Recorded data

__________

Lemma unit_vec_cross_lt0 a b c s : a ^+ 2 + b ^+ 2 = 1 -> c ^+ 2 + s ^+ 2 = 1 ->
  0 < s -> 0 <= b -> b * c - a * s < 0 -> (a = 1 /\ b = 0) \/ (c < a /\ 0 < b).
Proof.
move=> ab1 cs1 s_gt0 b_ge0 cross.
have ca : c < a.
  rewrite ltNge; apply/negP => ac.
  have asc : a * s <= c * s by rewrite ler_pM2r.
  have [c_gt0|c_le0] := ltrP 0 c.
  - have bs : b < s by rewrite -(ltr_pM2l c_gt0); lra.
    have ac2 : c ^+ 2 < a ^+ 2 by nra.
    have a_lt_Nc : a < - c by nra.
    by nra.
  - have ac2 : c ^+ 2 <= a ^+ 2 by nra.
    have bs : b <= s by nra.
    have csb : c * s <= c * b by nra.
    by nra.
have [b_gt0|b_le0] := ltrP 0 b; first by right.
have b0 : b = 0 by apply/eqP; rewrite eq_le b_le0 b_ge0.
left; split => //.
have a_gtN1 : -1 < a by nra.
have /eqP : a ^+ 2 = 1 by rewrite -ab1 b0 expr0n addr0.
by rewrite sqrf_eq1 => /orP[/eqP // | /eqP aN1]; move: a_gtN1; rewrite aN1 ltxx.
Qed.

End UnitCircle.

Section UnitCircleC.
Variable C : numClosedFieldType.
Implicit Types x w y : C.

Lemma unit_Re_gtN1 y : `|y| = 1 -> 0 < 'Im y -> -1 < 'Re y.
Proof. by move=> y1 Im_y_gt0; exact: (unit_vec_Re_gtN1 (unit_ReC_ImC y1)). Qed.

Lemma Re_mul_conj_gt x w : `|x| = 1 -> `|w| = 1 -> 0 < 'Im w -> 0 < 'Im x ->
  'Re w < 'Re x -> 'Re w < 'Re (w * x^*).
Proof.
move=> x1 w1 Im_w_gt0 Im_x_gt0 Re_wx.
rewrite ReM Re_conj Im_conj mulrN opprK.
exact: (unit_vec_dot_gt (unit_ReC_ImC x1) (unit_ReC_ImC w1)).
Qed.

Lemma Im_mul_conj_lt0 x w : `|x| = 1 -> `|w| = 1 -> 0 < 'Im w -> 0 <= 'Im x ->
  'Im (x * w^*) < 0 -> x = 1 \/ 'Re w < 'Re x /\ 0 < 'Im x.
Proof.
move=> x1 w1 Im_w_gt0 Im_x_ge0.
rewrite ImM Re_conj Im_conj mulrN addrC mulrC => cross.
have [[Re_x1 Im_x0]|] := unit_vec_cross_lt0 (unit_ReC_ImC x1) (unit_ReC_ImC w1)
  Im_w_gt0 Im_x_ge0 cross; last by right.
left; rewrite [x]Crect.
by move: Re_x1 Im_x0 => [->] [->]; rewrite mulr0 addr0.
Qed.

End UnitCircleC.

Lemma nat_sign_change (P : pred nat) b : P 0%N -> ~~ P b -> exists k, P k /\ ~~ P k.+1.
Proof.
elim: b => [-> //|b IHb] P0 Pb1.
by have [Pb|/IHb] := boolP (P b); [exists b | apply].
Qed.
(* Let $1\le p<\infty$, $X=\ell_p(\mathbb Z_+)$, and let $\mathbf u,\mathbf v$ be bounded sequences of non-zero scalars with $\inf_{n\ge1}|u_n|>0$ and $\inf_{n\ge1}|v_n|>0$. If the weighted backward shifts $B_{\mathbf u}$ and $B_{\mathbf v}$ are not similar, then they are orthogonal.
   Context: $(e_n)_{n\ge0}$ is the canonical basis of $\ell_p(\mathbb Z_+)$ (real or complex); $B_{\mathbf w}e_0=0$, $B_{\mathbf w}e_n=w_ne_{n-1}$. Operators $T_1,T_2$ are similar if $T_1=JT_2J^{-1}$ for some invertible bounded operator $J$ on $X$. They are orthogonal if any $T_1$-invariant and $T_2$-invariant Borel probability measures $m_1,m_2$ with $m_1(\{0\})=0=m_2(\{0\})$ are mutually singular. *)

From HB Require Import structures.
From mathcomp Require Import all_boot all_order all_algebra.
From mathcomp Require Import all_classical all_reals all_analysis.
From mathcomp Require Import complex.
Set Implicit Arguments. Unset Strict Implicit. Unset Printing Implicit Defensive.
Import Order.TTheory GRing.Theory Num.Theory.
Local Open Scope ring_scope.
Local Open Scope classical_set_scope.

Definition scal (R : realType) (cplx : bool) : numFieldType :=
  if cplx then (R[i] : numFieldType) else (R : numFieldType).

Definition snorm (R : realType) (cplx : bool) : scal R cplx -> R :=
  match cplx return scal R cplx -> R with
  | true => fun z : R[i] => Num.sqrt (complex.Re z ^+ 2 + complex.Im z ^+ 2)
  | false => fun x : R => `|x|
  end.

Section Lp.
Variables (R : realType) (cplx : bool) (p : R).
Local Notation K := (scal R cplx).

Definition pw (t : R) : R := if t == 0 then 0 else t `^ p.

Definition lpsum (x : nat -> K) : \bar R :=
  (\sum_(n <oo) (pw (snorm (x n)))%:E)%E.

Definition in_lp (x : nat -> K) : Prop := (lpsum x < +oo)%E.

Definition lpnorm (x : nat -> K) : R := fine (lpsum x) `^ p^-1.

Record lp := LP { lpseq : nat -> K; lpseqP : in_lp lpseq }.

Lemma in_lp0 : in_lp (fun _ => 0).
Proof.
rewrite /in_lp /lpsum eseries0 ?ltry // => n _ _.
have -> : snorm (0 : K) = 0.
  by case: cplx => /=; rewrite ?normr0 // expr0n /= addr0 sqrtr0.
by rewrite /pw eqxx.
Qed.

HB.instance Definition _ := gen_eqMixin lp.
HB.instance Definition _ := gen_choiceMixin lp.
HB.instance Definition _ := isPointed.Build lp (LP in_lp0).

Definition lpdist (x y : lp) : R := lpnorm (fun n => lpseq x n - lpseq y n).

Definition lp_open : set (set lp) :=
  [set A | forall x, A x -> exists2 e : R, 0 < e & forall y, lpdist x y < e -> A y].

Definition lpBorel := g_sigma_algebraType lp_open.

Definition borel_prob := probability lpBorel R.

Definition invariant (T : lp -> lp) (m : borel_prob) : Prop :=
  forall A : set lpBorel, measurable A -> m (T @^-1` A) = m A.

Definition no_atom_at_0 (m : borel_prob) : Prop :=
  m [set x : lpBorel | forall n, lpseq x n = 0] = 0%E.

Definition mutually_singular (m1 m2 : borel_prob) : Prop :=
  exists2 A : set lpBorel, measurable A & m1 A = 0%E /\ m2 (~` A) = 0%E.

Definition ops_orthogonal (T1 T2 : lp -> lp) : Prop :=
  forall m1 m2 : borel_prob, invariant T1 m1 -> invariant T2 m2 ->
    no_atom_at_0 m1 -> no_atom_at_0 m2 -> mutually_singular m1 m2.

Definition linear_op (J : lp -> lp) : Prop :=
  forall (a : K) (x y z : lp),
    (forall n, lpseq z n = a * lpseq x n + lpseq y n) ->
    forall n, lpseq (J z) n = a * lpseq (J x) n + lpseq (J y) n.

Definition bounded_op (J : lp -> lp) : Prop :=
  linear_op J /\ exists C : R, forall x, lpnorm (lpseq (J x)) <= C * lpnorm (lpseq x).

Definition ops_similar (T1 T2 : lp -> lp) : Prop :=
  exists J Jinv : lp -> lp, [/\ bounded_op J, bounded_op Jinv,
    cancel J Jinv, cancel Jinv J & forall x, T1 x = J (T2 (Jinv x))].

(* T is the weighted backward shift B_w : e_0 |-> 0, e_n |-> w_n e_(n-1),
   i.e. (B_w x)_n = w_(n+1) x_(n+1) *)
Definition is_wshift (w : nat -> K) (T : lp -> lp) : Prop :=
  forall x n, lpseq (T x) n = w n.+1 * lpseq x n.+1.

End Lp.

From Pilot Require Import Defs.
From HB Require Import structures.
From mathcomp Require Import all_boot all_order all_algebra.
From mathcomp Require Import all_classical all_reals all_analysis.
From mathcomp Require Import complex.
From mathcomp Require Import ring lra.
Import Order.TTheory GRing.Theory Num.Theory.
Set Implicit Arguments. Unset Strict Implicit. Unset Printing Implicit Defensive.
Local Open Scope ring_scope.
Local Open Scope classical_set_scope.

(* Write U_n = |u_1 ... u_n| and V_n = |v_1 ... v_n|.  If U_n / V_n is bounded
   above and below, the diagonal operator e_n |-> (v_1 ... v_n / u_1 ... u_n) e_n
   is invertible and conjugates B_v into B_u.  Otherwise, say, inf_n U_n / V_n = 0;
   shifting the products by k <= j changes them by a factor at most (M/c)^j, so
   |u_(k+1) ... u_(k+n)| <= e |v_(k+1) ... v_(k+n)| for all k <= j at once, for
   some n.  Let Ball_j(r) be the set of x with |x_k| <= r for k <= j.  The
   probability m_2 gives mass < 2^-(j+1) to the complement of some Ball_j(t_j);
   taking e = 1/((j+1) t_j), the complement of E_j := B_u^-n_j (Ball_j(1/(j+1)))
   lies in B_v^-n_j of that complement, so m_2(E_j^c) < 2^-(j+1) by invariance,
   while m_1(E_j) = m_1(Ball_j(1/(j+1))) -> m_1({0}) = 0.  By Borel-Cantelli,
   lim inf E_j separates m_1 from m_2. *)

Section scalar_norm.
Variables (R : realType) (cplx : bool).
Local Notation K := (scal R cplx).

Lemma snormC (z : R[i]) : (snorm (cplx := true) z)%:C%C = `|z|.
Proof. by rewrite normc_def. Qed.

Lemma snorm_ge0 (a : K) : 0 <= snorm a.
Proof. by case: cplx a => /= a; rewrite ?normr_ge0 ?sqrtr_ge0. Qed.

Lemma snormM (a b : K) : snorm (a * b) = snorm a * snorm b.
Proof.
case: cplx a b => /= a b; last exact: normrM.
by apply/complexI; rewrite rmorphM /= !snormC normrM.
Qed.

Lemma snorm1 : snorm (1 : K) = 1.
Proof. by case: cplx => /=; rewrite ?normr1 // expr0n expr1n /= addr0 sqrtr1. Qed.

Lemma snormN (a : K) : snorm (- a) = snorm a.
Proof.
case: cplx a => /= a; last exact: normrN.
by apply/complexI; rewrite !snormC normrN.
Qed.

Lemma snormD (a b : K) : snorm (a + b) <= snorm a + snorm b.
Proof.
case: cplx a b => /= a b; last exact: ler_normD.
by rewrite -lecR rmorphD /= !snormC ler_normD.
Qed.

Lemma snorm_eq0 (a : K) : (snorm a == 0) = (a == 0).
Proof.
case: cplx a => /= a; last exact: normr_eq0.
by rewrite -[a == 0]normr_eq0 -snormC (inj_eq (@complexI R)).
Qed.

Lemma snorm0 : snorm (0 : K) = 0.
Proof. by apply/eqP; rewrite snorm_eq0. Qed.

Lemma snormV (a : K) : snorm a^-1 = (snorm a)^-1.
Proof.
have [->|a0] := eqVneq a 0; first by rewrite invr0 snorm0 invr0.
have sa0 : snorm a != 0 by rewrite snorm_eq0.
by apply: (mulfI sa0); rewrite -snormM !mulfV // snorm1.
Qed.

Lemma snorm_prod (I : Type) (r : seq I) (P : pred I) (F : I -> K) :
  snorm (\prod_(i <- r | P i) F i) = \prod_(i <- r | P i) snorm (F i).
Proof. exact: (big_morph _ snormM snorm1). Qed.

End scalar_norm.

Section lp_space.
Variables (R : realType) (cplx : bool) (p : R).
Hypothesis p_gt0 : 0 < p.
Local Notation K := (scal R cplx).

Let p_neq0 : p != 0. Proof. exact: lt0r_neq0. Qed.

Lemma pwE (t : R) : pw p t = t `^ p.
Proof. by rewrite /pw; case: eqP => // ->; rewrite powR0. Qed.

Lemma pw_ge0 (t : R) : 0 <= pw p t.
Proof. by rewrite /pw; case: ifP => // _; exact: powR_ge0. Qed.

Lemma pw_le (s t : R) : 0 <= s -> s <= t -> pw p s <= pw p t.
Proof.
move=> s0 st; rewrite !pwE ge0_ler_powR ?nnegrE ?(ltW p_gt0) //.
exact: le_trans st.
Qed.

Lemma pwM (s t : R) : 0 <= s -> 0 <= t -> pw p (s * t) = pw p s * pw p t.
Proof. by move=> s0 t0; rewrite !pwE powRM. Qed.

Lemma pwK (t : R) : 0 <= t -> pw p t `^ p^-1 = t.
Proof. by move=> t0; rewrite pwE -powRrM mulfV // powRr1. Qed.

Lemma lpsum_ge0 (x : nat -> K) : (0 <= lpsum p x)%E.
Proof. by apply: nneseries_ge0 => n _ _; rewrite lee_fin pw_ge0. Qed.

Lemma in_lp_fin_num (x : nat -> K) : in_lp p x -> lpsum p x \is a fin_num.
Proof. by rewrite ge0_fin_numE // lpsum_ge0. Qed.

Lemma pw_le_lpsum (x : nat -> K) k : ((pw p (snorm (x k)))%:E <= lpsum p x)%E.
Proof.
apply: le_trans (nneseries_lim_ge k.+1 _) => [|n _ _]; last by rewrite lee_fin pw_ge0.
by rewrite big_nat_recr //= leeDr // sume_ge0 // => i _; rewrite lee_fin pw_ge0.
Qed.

__________

## [To do]
Return a word-for-word copy of the lines above from the one holding "Proof. by move=> s0" through the one holding "Lemma in_lp_fin_num (x", with both of them included and nothing besides.

## [Exercise answer]
Proof. by move=> s0 t0; rewrite !pwE powRM. Qed.

Lemma pwK (t : R) : 0 <= t -> pw p t `^ p^-1 = t.
Proof. by move=> t0; rewrite pwE -powRrM mulfV // powRr1. Qed.

Lemma lpsum_ge0 (x : nat -> K) : (0 <= lpsum p x)%E.
Proof. by apply: nneseries_ge0 => n _ _; rewrite lee_fin pw_ge0. Qed.

Lemma in_lp_fin_num (x : nat -> K) : in_lp p x -> lpsum p x \is a fin_num.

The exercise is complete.